(* Everything reduces to one site v.  Fixing the configuration off v, the states with
   X_v = 0, 1, star form a fiber on which pi has weights a, b, c.  The pi-Gibbs update
   resamples the fiber from (a, b, c); the s-Gibbs update keeps star and resamples {0, 1}
   from (a, b), since tilting mu by theta^|sigma| is exactly the weight the lift puts on 1.
   With h = nu / pi and an increasing test function g, both h and g are largest at star on
   the fiber, and the s-Gibbs expectation exceeds the pi-Gibbs one by
   c (a (h2 - h0) + b (h2 - h1)) (a (g2 - g0) + b (g2 - g1)) / ((a + b) (a + b + c)) >= 0.
   For the steps that start with P_cl, nu P_cl has pi-density Y |-> E h(lift (contr Y)),
   which is again increasing because lift s is the restriction to s of lift s' when
   s <= s'; the single-site comparison then applies to nu P_cl. *)

From Pilot Require Import Defs.
From mathcomp Require Import all_boot all_order all_algebra.
From mathcomp Require Import ring lra.
From Stdlib Require Import FunctionalExtensionality.
Import Order.TTheory GRing.Theory Num.Theory.
Local Open Scope ring_scope.
Set Implicit Arguments. Unset Strict Implicit. Unset Printing Implicit Defensive.

Lemma big_I3 (R : nmodType) (F : 'I_3 -> R) :
  \sum_(c : 'I_3) F c = F sp0 + F sp1 + F spstar.
Proof.
rewrite !big_ord_recl big_ord0 addr0 addrA.
by congr (F _ + F _ + F _); apply: val_inj.
Qed.

Lemma I3P (c : 'I_3) : [\/ c = sp0, c = sp1 | c = spstar].
Proof.
case: c => [[|[|[|n]]] lt_c3] //.
- by constructor 1; apply: val_inj.
- by constructor 2; apply: val_inj.
- by constructor 3; apply: val_inj.
Qed.

Lemma natr_eq_ffun (R : comPzSemiRingType) (T : finType) (E : eqType)
    (f g : {ffun T -> E}) :
  ((f == g)%:R : R) = \prod_u (f u == g u)%:R.
Proof.
case: (pickP (fun u => f u != g u)) => [u neq_u | eq_fg].
  have /negPf-> : f != g by apply: contraNneq neq_u => ->.
  by rewrite (bigD1 u) //= (negPf neq_u) mul0r.
have -> : f = g by apply/ffunP => u; apply/eqP/negbFE/eq_fg.
by rewrite eqxx big1 // => u _; rewrite eqxx.
Qed.

Lemma mean_product_split_le (R : realFieldType) (a b c h0 h1 h2 g0 g1 g2 : R) :
  0 <= a -> 0 <= b -> 0 <= c ->
  (0 < c -> [/\ a * h0 <= a * h2, b * h1 <= b * h2,
                a * g0 <= a * g2 & b * g1 <= b * g2]) ->
  (a * h0 + b * h1 + c * h2) * (a * g0 + b * g1 + c * g2) / (a + b + c)
    <= c * h2 * g2 + (a * h0 + b * h1) * (a * g0 + b * g1) / (a + b).
Proof.
move=> a_ge0 b_ge0 c_ge0 top_le.
have [-> | c_neq0] := eqVneq c 0; first by rewrite !mul0r !addr0 add0r.
have c_gt0 : 0 < c by rewrite lt_def c_neq0.
have [ah0 bh1 ag0 bg1] := top_le c_gt0.
have [ab0 | ab_neq0] := eqVneq (a + b) 0.
  have [-> ->] : a = 0 /\ b = 0 by move: ab0 a_ge0 b_ge0; lra.
  by rewrite !mul0r !add0r !mul0r addr0 [c * g2]mulrC mulrA mulfK.
have abc_neq0 : a + b + c != 0.
  by apply/eqP; move: ab_neq0 a_ge0 b_ge0 c_gt0 => /eqP; lra.
rewrite -subr_ge0.
have -> : c * h2 * g2 + (a * h0 + b * h1) * (a * g0 + b * g1) / (a + b)
    - (a * h0 + b * h1 + c * h2) * (a * g0 + b * g1 + c * g2) / (a + b + c)
  = c * (a * h2 - a * h0 + (b * h2 - b * h1)) * (a * g2 - a * g0 + (b * g2 - b * g1))
      / ((a + b) * (a + b + c)).
  by field; rewrite ab_neq0 abc_neq0.
apply: divr_ge0; last by apply: mulr_ge0; move: ab_neq0 abc_neq0 a_ge0 b_ge0 c_gt0; lra.
apply: mulr_ge0; first apply: mulr_ge0; lra.
Qed.

Section Fibers.
Variable V : finType.
Implicit Types (X Y : state V) (v : V) (c d : 'I_3).

Lemma upds_at X v c : upds X v c v = c.
Proof. by rewrite ffunE eqxx. Qed.

Lemma upds_upds X v c d : upds (upds X v d) v c = upds X v c.
Proof. by apply/ffunP => u; rewrite !ffunE; case: eqP. Qed.

Lemma contr_upds X v c : contr (upds X v c) = updc (contr X) v (c != sp0).
Proof. by apply/ffunP => u; rewrite !ffunE; case: (u == v). Qed.

Lemma agree_offC v X Y : agree_off v X Y = agree_off v Y X.
Proof. by apply: eq_forallb => u; rewrite [X u == _]eq_sym. Qed.

Lemma eq_upds X Y v c : (Y == upds X v c) = agree_off v X Y && (Y v == c).
Proof.
apply/eqP/andP => [-> | [/forallP agr /eqP <-]].
  split; last by rewrite upds_at.
  by apply/forallP => u; apply/implyP => /negPf uv; rewrite ffunE uv.
apply/ffunP => u; rewrite ffunE; case: eqP => [-> // | /eqP uv].
by apply/esym/eqP; rewrite (implyP (agr u)).
Qed.

Lemma le_contr X Y : le_state X Y -> le_config (contr X) (contr Y).
Proof.
move=> le_XY u; rewrite !ffunE; have := le_XY u.
by case: (I3P (X u)) => ->; case: (I3P (Y u)) => ->.
Qed.

Variable R : nmodType.

Lemma sum_agree_off X v (F : state V -> R) :
  \sum_(Y | agree_off v X Y) F Y = \sum_c F (upds X v c).
Proof.
rewrite (partition_big (fun Y => Y v) predT) //=; apply: eq_bigr => c _.
by apply: big_pred1 => Y; rewrite /= eq_upds.
Qed.

Lemma sum_fibers v (F : state V -> R) :
  \sum_Y F Y = \sum_(B : state V | B v == sp0) \sum_c F (upds B v c).
Proof.
under [RHS]eq_bigr do rewrite -sum_agree_off.
rewrite (exchange_big_dep predT) //=; apply: eq_bigr => Y _.
by apply/esym/(big_pred1 (upds Y v sp0)) => B; rewrite /= eq_upds agree_offC andbC.
Qed.

End Fibers.

Section Kernels.
Variables (R : realFieldType) (V : finType).
Implicit Types (nu : state V -> R) (P Q : kernel R V).

Lemma dist_step_kmul nu P Q :
  dist_step nu (kmul P Q) = dist_step (dist_step nu P) Q.
Proof.
apply: functional_extensionality => Z; rewrite /dist_step /kmul.
under eq_bigr do rewrite big_distrr /=.
rewrite exchange_big; apply: eq_bigr => Y _; rewrite big_distrl /=.
by apply: eq_bigr => X _; rewrite mulrA.
Qed.

Lemma sum_dist_step_mix nu (G : state V -> R) (k : R) (K : V -> kernel R V) :
  \sum_Y dist_step nu (fun X Y => k * \sum_v K v X Y) Y * G Y =
  k * \sum_v \sum_X nu X * \sum_Y K v X Y * G Y.
Proof.
transitivity (\sum_X \sum_Y \sum_v k * (nu X * (K v X Y * G Y))).
  rewrite /dist_step; under eq_bigr do rewrite big_distrl /=.
  rewrite exchange_big; apply: eq_bigr => X _; apply: eq_bigr => Y _.
  rewrite mulrCA -mulrA !big_distrr /= big_distrl /= big_distrr.
  by apply: eq_bigr => v _; rewrite /= !mulrA.
under eq_bigr do rewrite exchange_big /=.
rewrite exchange_big big_distrr /=; apply: eq_bigr => v _.
by rewrite big_distrr; apply: eq_bigr => X _; rewrite /= !big_distrr.
Qed.

End Kernels.

Section Lift.
Variables (R : realFieldType) (V : finType) (theta : R).
Hypotheses (theta_gt0 : 0 < theta) (theta_lt1 : theta < 1).
Implicit Types (s : config V) (X Y : state V).

Definition lift_site (b : bool) (c : 'I_3) : R :=
  if b then (if c == sp1 then theta else if c == spstar then 1 - theta else 0)
  else (if c == sp0 then 1 else 0).

Lemma lift_probE s Y : lift_prob theta s Y = \prod_v lift_site (s v) (Y v).
Proof. by []. Qed.

Lemma lift_site_ge0 b c : 0 <= lift_site b c.
Proof.
by rewrite /lift_site; case: b; repeat case: ifP => _; move: theta_gt0 theta_lt1; lra.
Qed.

Lemma lift_site_contr_gt0 c : 0 < lift_site (c != sp0) c.
Proof. by case: (I3P c) => ->; rewrite /lift_site /=; move: theta_gt0 theta_lt1; lra. Qed.

Lemma lift_site_eq0 b c : b != (c != sp0) -> lift_site b c = 0.
Proof. by case: (I3P c) => ->; case: b. Qed.

Lemma sum_lift_site b : \sum_c lift_site b c = 1.
Proof. by rewrite big_I3 /lift_site; case: b => /=; lra. Qed.

Lemma lift_prob_ge0 s Y : 0 <= lift_prob theta s Y.
Proof. by apply: prodr_ge0 => v _; apply: lift_site_ge0. Qed.

Lemma lift_prob_contr_gt0 Y : 0 < lift_prob theta (contr Y) Y.
Proof. by apply: prodr_gt0 => v _; rewrite ffunE; apply: lift_site_contr_gt0. Qed.

Lemma lift_prob_eq0 s Y : s != contr Y -> lift_prob theta s Y = 0.
Proof.
move=> neq_s; case: (pickP (fun u => s u != contr Y u)) => [u neq_u | eq_s].
  rewrite lift_probE (bigD1 u) //= lift_site_eq0 ?mul0r //.
  by rewrite -(ffunE (fun u => Y u != sp0)).
by case/eqP: neq_s; apply/ffunP => u; apply/eqP/negbFE/eq_s.
Qed.

Definition restrict s X : state V := [ffun u => if s u then X u else sp0].

Lemma contr_restrict s X : le_config s (contr X) -> contr (restrict s X) = s.
Proof.
move=> le_sX; apply/ffunP => u; rewrite !ffunE.
by move: (le_sX u); rewrite ffunE; case: (s u); case: (X u != sp0).
Qed.

Lemma le_restrict s X : le_state (restrict s X) X.
Proof. by move=> u; rewrite ffunE; case: (s u). Qed.

Lemma sum_lift_site_restrict (b b' : bool) c : (b <= b')%N ->
  \sum_d ((if b then d else sp0) == c)%:R * lift_site b' d = lift_site b c.
Proof.
case: b => [| _].
  case: b' => // _; rewrite (bigD1 c) //= eqxx mul1r big1 ?addr0 // => d /negPf neq_dc.
  by rewrite neq_dc mul0r.
by rewrite -big_distrr /= sum_lift_site mulr1 /lift_site eq_sym; case: (c == sp0).
Qed.

Lemma sum_lift_prob_restrict s s' X : le_config s s' ->
  \sum_(X' | restrict s X' == X) lift_prob theta s' X' = lift_prob theta s X.
Proof.
move=> le_ss'; rewrite big_mkcond /=.
under eq_bigr => X' _ do
  rewrite -mulrb -mulr_natl natr_eq_ffun lift_probE -big_split /=.
under eq_bigr do under eq_bigr do rewrite ffunE.
rewrite -(bigA_distr_bigA (fun u d => ((if s u then d else sp0) == X u)%:R
                                      * lift_site (s' u) d)).
by rewrite lift_probE; apply: eq_bigr => u _; apply: sum_lift_site_restrict.
Qed.

Lemma sum_lift_prob_comp_restrict s s' (g : state V -> R) : le_config s s' ->
  \sum_X' lift_prob theta s' X' * g (restrict s X') =
  \sum_X lift_prob theta s X * g X.
Proof.
move=> le_ss'; rewrite (partition_big (restrict s) predT) //=.
apply: eq_bigr => X _; rewrite -(sum_lift_prob_restrict X le_ss') big_distrl /=.
by apply: eq_bigr => X' /eqP <-.
Qed.

Section LiftedLaw.
Variable mu : config V -> R.
Hypothesis mu_ge0 : forall s, 0 <= mu s.
Local Notation pi := (Defs.pi mu theta).

Definition vanishes_off_support (nu : state V -> R) : Prop :=
  forall Y, ~ in_support mu theta Y -> nu Y = 0.

Lemma piE Y : pi Y = mu (contr Y) * lift_prob theta (contr Y) Y.
Proof.
rewrite /Defs.pi (bigD1 (contr Y)) //= big1 ?addr0 // => s neq_s.
by rewrite lift_prob_eq0 ?mulr0.
Qed.

Lemma pi_ge0 Y : 0 <= pi Y.
Proof. by rewrite piE mulr_ge0 ?lift_prob_ge0. Qed.

Lemma pi_gt0E Y : (0 < pi Y) = (0 < mu (contr Y)).
Proof. by rewrite piE pmulr_lgt0 // lift_prob_contr_gt0. Qed.

Lemma density_mulK nu Y : vanishes_off_support nu -> nu Y / pi Y * pi Y = nu Y.
Proof.
move=> nu0; have [pi_gt0 | ] := ltrP 0 (pi Y); first by rewrite divfK // gt_eqF.
rewrite le_eqVlt ltNge pi_ge0 orbF => /eqP pi0.
by rewrite pi0 mulr0 nu0 // /in_support pi0 ltxx.
Qed.

Definition lift_mean (h : state V -> R) s : R := \sum_X lift_prob theta s X * h X.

- [ACTION ITEM]: When copying the data above, please keep exactly the lines from its first line through the line with "From Stdlib Require", both ends included, and drop the rest.

- [RESPONSE BOX]:
(* Everything reduces to one site v.  Fixing the configuration off v, the states with
   X_v = 0, 1, star form a fiber on which pi has weights a, b, c.  The pi-Gibbs update
   resamples the fiber from (a, b, c); the s-Gibbs update keeps star and resamples {0, 1}
   from (a, b), since tilting mu by theta^|sigma| is exactly the weight the lift puts on 1.
   With h = nu / pi and an increasing test function g, both h and g are largest at star on
   the fiber, and the s-Gibbs expectation exceeds the pi-Gibbs one by
   c (a (h2 - h0) + b (h2 - h1)) (a (g2 - g0) + b (g2 - g1)) / ((a + b) (a + b + c)) >= 0.
   For the steps that start with P_cl, nu P_cl has pi-density Y |-> E h(lift (contr Y)),
   which is again increasing because lift s is the restriction to s of lift s' when
   s <= s'; the single-site comparison then applies to nu P_cl. *)

From Pilot Require Import Defs.
From mathcomp Require Import all_boot all_order all_algebra.
From mathcomp Require Import ring lra.
From Stdlib Require Import FunctionalExtensionality.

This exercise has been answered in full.